Japanese architect Hamada wins Steedman competition

By Liam Otten

Japanese architect Mitsuru Hamada has won the University's 2006 Steedman Fellowship in Architecture International Design Competition.

The biennial competition, sponsored by the College of Architecture and Graduate School of Architecture & Urban Design — both divisions of the Sam Fox School of Design & Visual Arts — is open to young architects from around the world. The $30,000 first-place award supports study and research abroad and is the largest such award in the United States.

Steedman
Courtesy Photo
"Porous Drape," Mitsuru Hamada's winning entry in the 2006 Steedman Fellowship in Architecture International Design Competition.

Hamada, who lives and works in Tokyo, was chosen from a field of 148 architects representing 23 countries.

This year's competition focused on the design of an approximately 1,500-square-meter pavilion-observatory that would integrate architecture, technology and the experience of nature. Proposals were judged for originality, concision and relevance to the contemporary cultural context.

"The program was very open," said jury chair Iñaki Abalos, principal of Abalos & Herreros Architects in Madrid, who proposed the topic. "It could be taken very literally or more experimentally. The observatory works as a kind of metaphor for the relationship between architecture and nature — a technology that transforms perception and experience into knowledge."

Hamada's winning entry was a large, ziggurat-like structure on the former site of Edo Castle in what is now central Tokyo. Completed in 1638 by the Tokugawa Shogunate, the grand, 58-meter-tall citadel was destroyed by fire just 19 years later, in 1657. To this day the area remains a kind of natural, undeveloped "void" among the city's relentless urbanization.
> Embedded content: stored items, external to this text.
(* Let $\kappa$ be an infinite cardinal. The set $B=\{(A,\,A\cap C,\,C) : A,C\in\mathcal{F}(\kappa),\ A\sim C\}$ is a maximal Boolean sublattice of the lattice $S$; that is, $B$ is a bounded Boolean sublattice of $S$ and no complemented bounded sublattice $C$ of $S$ with $B\subsetneq C$ is Boolean.
   Context: $\mathcal{F}(\kappa)$ is the Boolean lattice of subsets $X\subseteq\kappa$ that are finite or cofinite (i.e. $\kappa\setminus X$ finite). For $A,C\in\mathcal{F}(\kappa)$, write $A\sim C$ if either both $A$ and $C$ are finite or both $\kappa\setminus A$ and $\kappa\setminus C$ are finite. For $(A,B,C)$ set $\mu(A,B,C)=(A\cap B)\cup(A\cap C)\cup(B\cap C)$. A triple $(A,B,C)$ is balanced if $A\cap B=A\cap C=B\cap C$. The lattice $S$ is the set of balanced triples $(A,B,C)\in\mathcal{F}(\kappa)^3$ such that $C\setminus\mu(A,B,C)$ is finite, ordered componentwise; its meet is componentwise intersection and its join is $(A,B,C)\vee(A',B',C')=(U_1\cup m,U_2\cup m,U_3\cup m)$ where $(U_1,U_2,U_3)=(A\cup A',B\cup B',C\cup C')$ and $m=\mu(U_1,U_2,U_3)$. Its bounds are $(\emptyset,\emptyset,\emptyset)$ and $(\kappa,\kappa,\kappa)$. *)

From HB Require Import structures.
From mathcomp Require Import all_boot.
From mathcomp Require Import boolp classical_sets cardinality.
Unset Strict Implicit. Unset Printing Implicit Defensive.
Local Open Scope classical_set_scope.

Section FiniteCofinite.
Variable T : Type. (* the cardinal kappa, as a type *)

Definition inF (X : set T) : Prop := finite_set X \/ finite_set (~` X).

Definition simF (A C : set T) : Prop :=
  (finite_set A /\ finite_set C) \/ (finite_set (~` A) /\ finite_set (~` C)).

Definition mu (A B C : set T) : set T := (A `&` B) `|` (A `&` C) `|` (B `&` C).

Definition triple := (set T * set T * set T)%type.
Definition t1 (x : triple) := x.1.1.
Definition t2 (x : triple) := x.1.2.
Definition t3 (x : triple) := x.2.

Definition balanced (x : triple) : Prop :=
  t1 x `&` t2 x = t1 x `&` t3 x /\ t1 x `&` t3 x = t2 x `&` t3 x.

Definition inS (x : triple) : Prop :=
  [/\ inF (t1 x), inF (t2 x), inF (t3 x), balanced x &
      finite_set (t3 x `\` mu (t1 x) (t2 x) (t3 x))].

Definition meetS (x y : triple) : triple :=
  (t1 x `&` t1 y, t2 x `&` t2 y, t3 x `&` t3 y).

Definition joinS (x y : triple) : triple :=
  let U1 := t1 x `|` t1 y in
  let U2 := t2 x `|` t2 y in
  let U3 := t3 x `|` t3 y in
  let m := mu U1 U2 U3 in
  (U1 `|` m, U2 `|` m, U3 `|` m).

Definition botS : triple := (set0, set0, set0).
Definition topS : triple := (setT, setT, setT).

Definition bounded_sublattice (L : set triple) : Prop :=
  [/\ L `<=` inS, L botS, L topS,
      (forall x y, L x -> L y -> L (meetS x y)) &
      (forall x y, L x -> L y -> L (joinS x y))].

Definition complemented_in (L : set triple) : Prop :=
  forall x, L x -> exists2 y, L y & meetS x y = botS /\ joinS x y = topS.

Definition distributive_in (L : set triple) : Prop :=
  forall x y z, L x -> L y -> L z ->
    meetS x (joinS y z) = joinS (meetS x y) (meetS x z).

Definition boolean_in (L : set triple) : Prop :=
  distributive_in L /\ complemented_in L.

Definition Bset : set triple :=
  [set x | exists A C, [/\ inF A, inF C, simF A C & x = (A, A `&` C, C)]].

End FiniteCofinite.

(* On B the operations of S are componentwise, so B is a copy of the Boolean
   algebra of pairs (A, C) with A ~ C.  Conversely, in a distributive L
   containing B, distributing a triple over the top element
   ({t}, 0, 0) \/ (~{t}, ~{t}, kappa) shows that every triple of L has the form
   (A, A & C, C).  Its defining condition then says that C \ A is finite, so a
   triple with A finite and C cofinite would make kappa finite; with A cofinite
   and C finite, its complement in L does the same. *)
From mathcomp Require Import all_boot.
From mathcomp Require Import boolp classical_sets cardinality.
Set Implicit Arguments.
Local Open Scope classical_set_scope.

Ltac set_tauto :=
  rewrite predeqE => ?; rewrite /setI /setU /setC /setD /set0 /setT /mkset /=;
  tauto.

Ltac unfold_triple := rewrite /meetS /joinS /mu /t1 /t2 /t3 /botS /topS /=.

Section FiniteCofinite.
Variable T : Type.
Implicit Types A C : set T.

Lemma inF_setC A : inF T A -> inF T (~` A).
Proof. by case=> fA; [right; rewrite setCK | left]. Qed.

Lemma inF_setI A C : inF T A -> inF T C -> inF T (A `&` C).
Proof.
case=> [fA|cA] [fC|cC].
- by left; apply: finite_setIl.
- by left; apply: finite_setIl.
- by left; apply: finite_setIr.
- by right; rewrite setCI finite_setU.
Qed.

Lemma inF_setU A C : inF T A -> inF T C -> inF T (A `|` C).
Proof.
move=> hA hC; have := inF_setC (inF_setI (inF_setC hA) (inF_setC hC)).
by rewrite -setCU setCK.
Qed.

Lemma simF_setC A C : simF T A C -> simF T (~` A) (~` C).
Proof. by case=> [[fA fC]|cAC]; [right; rewrite !setCK | left]. Qed.

Lemma simF_setI A C A' C' :
  simF T A C -> simF T A' C' -> simF T (A `&` A') (C `&` C').
Proof.
case=> [[fA fC]|[cA cC]] [[fA' fC']|[cA' cC']].
- by left; split; apply: finite_setIl.
- by left; split; apply: finite_setIl.
- by left; split; apply: finite_setIr.
- by right; rewrite !setCI !finite_setU.
Qed.

Lemma simF_setU A C A' C' :
  simF T A C -> simF T A' C' -> simF T (A `|` A') (C `|` C').
Proof.
move=> h h'; have := simF_setC (simF_setI (simF_setC h) (simF_setC h')).
by rewrite -!setCU !setCK.
Qed.

End FiniteCofinite.

Section LatticeS.
Variable T : Type.
Implicit Types A C : set T.

Lemma mu_setI_mid A C : mu T A (A `&` C) C = A `&` C.
Proof. by rewrite /mu; set_tauto. Qed.

Lemma meetS_topS x : meetS T x (topS T) = x.
Proof. by case: x => [[P Q] R]; rewrite /meetS /topS /t1 /t2 /t3 /= !setIT. Qed.

Lemma joinS_setC_topS A :
  joinS T (A, A `&` set0, set0) (~` A, ~` A `&` setT, setT) = topS T.
Proof. by unfold_triple; rewrite setUv set0U; congr (_, _, _); set_tauto. Qed.

Lemma joinS_t2_notin x y t : ~ t1 T x t -> ~ t2 T x t -> ~ t1 T y t ->
  ~ t2 T y t -> ~ t2 T (joinS T x y) t.
Proof. by rewrite /joinS /mu /t1 /t2 /t3 /setU /setI /=; tauto. Qed.

End LatticeS.

Section BooleanB.
Variable T : Type.

Lemma Bset_inS : Bset T `<=` inS T.
Proof.
move=> _ [A [C [hA hC hAC ->]]]; rewrite /inS /t1 /t2 /t3 /=.
split=> //; first exact: inF_setI.
  by rewrite /balanced /t1 /t2 /t3 /=; split; set_tauto.
rewrite mu_setI_mid; case: hAC => [[_ fC]|[cA _]].
  by apply: sub_finite_set fC => t [].
by apply: sub_finite_set cA => t [Ct nACt] At; exact: nACt.
Qed.

Lemma Bset_botS : Bset T (botS T).
Proof. by exists set0, set0; rewrite setIid; split=> //; left. Qed.

Lemma Bset_topS : Bset T (topS T).
Proof.
by exists setT, setT; rewrite setIid; split=> //; right; rewrite ?setCT.
Qed.

Lemma Bset_meetS x y : Bset T x -> Bset T y -> Bset T (meetS T x y).
Proof.
move=> [A [C [hA hC hAC ->]]] [A' [C' [hA' hC' hAC' ->]]].
exists (A `&` A'), (C `&` C').
split; [exact: inF_setI | exact: inF_setI | exact: simF_setI |].
by unfold_triple; congr (_, _, _); set_tauto.
Qed.

Lemma Bset_joinS x y : Bset T x -> Bset T y -> Bset T (joinS T x y).
Proof.
move=> [A [C [hA hC hAC ->]]] [A' [C' [hA' hC' hAC' ->]]].
exists (A `|` A'), (C `|` C').
split; [exact: inF_setU | exact: inF_setU | exact: simF_setU |].
by unfold_triple; congr (_, _, _); set_tauto.
Qed.

Lemma bounded_sublattice_Bset : bounded_sublattice T (Bset T).
Proof.
split; [exact: Bset_inS | exact: Bset_botS | exact: Bset_topS |
        exact: Bset_meetS | exact: Bset_joinS].
Qed.

Lemma distributive_Bset : distributive_in T (Bset T).
Proof.
move=> _ _ _ [A [C [_ _ _ ->]]] [A' [C' [_ _ _ ->]]] [A'' [C'' [_ _ _ ->]]].
by unfold_triple; congr (_, _, _); set_tauto.
Qed.

Lemma complemented_Bset : complemented_in T (Bset T).
Proof.
move=> _ [A [C [hA hC hAC ->]]].
exists (~` A, ~` A `&` ~` C, ~` C).
  by exists (~` A), (~` C); split; [exact: inF_setC | exact: inF_setC |
    exact: simF_setC |].
unfold_triple; rewrite !setUv; split; congr (_, _, _); set_tauto.
Qed.

Lemma boolean_Bset : boolean_in T (Bset T).
Proof. by split; [exact: distributive_Bset | exact: complemented_Bset]. Qed.

End BooleanB.

Section Maximality.
Variables (T : Type) (L : set (triple T)).
Hypotheses (L_inS : L `<=` inS T) (Bset_L : Bset T `<=` L)
  (distributive_L : distributive_in T L).

(* If t is in Q but not in P, distributing (P, Q, R) over the top element
   ({t}, 0, 0) \/ (~{t}, ~{t}, T) writes it as a join of two triples whose first
   two components miss t, so that t is missing from Q as well. *)
Lemma distributive_t2_sub P Q R : L (P, Q, R) -> Q `<=` P.
Proof.
move=> Lx t Qt; have [//|nPt] := pselect (P t); exfalso.
have fin_t := finite_set1 t.
have Lb : L ([set t], [set t] `&` set0, set0).
  by apply: Bset_L; exists [set t], set0; split=> //; left;
    rewrite ?finite_set0.
have Lb' : L (~` [set t], ~` [set t] `&` setT, setT).
  by apply: Bset_L; exists (~` [set t]), setT; split=> //; right;
    rewrite ?setCK ?setCT.
have := distributive_L Lx Lb Lb'; rewrite joinS_setC_topS meetS_topS => x_eq.
have : t2 T (P, Q, R) t by [].
rewrite x_eq; apply: joinS_t2_notin; rewrite /t1 /t2 /=.
- by case.
- by case=> _ [_ []].
- by case=> _; apply.
- by case=> _ [+ _]; apply.
Qed.

Lemma L_t2_setI P Q R : L (P, Q, R) -> Q = P `&` R.
Proof.
move=> Lx; have [_ _ _ [PQ_PR _] _] := L_inS Lx.
rewrite /t1 /t2 /t3 /= in PQ_PR.
by rewrite -PQ_PR (setIidr (distributive_t2_sub Lx)).
Qed.

Lemma L_finite_setD A C : L (A, A `&` C, C) -> finite_set (C `\` A).
Proof.
move=> LAC; have [_ _ _ _] := L_inS LAC; rewrite /t1 /t2 /t3 /= mu_setI_mid.
by apply: sub_finite_set => t [Ct nAt]; split=> // -[].
Qed.

Hypothesis T_infinite : ~ finite_set [set: T].

Lemma L_not_finite_cofinite A C : L (A, A `&` C, C) ->
  finite_set A -> finite_set (~` C) -> False.
Proof.
move=> LAC fA cC; apply: T_infinite.
apply: sub_finite_set (_ : finite_set (A `|` ~` C `|` C `\` A)).
  move=> t _; have [At|nAt] := pselect (A t); first by left; left.
  by have [Ct|nCt] := pselect (C t); [right | left; right].
by rewrite !finite_setU; split=> //; exact: L_finite_setD.
Qed.

(* The complement (P, P `&` R, R) forces R to cover ~` C, while P is finite,
   being disjoint from the cofinite A. *)
Lemma L_not_cofinite_finite A C : complemented_in T L -> L (A, A `&` C, C) ->
  finite_set (~` A) -> finite_set C -> False.
Proof.
move=> complemented_L LAC cA fC; apply: T_infinite.
have [[[P Q] R] Ly [meet_bot join_top]] := complemented_L _ LAC.
have Q_eq := L_t2_setI Ly; subst Q.
have AP0 : A `&` P = set0 := congr1 (t1 T) meet_bot.
have CR : C `|` R = setT.
  by have := congr1 (t3 T) join_top; unfold_triple => <-; set_tauto.
apply: sub_finite_set (_ : finite_set (C `|` ~` A `|` R `\` P)).
  move=> t _; have : (C `|` R) t by rewrite CR.
  case=> [Ct|Rt]; first by left; left.
  have [At|nAt] := pselect (A t); last by left; right.
  by right; split=> // Pt; move: (conj At Pt : (A `&` P) t); rewrite AP0.
by rewrite !finite_setU; split=> //; exact: L_finite_setD Ly.
Qed.

Lemma L_sub_Bset : complemented_in T L -> L `<=` Bset T.
Proof.
move=> complemented_L [[A Q] C] Lx; have Q_eq := L_t2_setI Lx; subst Q.
have [hA _ hC _ _] := L_inS Lx.
exists A, C; split=> //.
case: hA => [fA|cA]; case: hC => [fC|cC]; [by left | | | by right].
- by case: (L_not_finite_cofinite Lx fA cC).
- by case: (L_not_cofinite_finite complemented_L Lx cA fC).
Qed.

End Maximality.

Theorem proposition5p6 (T : Type) (Tinf : ~ finite_set [set: T]) :
  (bounded_sublattice T (Bset T) /\ boolean_in T (Bset T)) /\
  (forall L : set (triple T),
      bounded_sublattice T L -> complemented_in T L ->
      Bset T `<=` L -> Bset T <> L ->
      ~ boolean_in T L).
Proof.
split; first by split; [exact: bounded_sublattice_Bset | exact: boolean_Bset].
move=> L [L_inS _ _ _ _] complemented_L Bset_L Bset_neq_L [distributive_L _].
apply: Bset_neq_L; apply/seteqP; split=> //.
exact: L_sub_Bset.
Qed.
Hamada's proposal, titled "Porous Drape," represents a poetic recreation of Edo Castle. Also 58 meters tall, the gently tapering edifice is open to the elements and is characterized by 100 angular openings, which invite visitors to contemplate the surrounding park.

To minimize environmental impact, it would be constructed of tightly packed blocks of soil, each measuring 20 square-centimeters, cut from the base of the site and mixed with cement, sand and water.

Abalos noted that the jury was impressed by the simplicity, intensity and monumentality of Hamada's design.

"This is a true observatory, a place of meditation and solitude from which to contemplate the landscape," he said. "At the same time, it also has a strong social aspect and a very powerful sense of collective participation."

Other jurors included Renata Sentkiewicz, also of Abelos & Herreros; Marcelo Ferraz, the Ruth and Norman Moore Visiting Professor of Architecture; Phil Holden, affiliate associate professor of architecture; Stephen Leet, associate professor of architecture; and Ripley Rasmus, group vice president and design principal for Hellmuth, Obata & Kassabaum in St. Louis.

Second-place honors were awarded to the United Kingdom's David Mathias, who earned a master of architecture degree from the University of Edinburgh in 2002. He will serve as an alternate in the event that Hamada is unable to fulfill the obligations of the fellowship.

Third place went to Sascha Oroz, a Croatian native currently residing in Chicago. Oroz earned a master of architecture degree at WUSTL in 2002.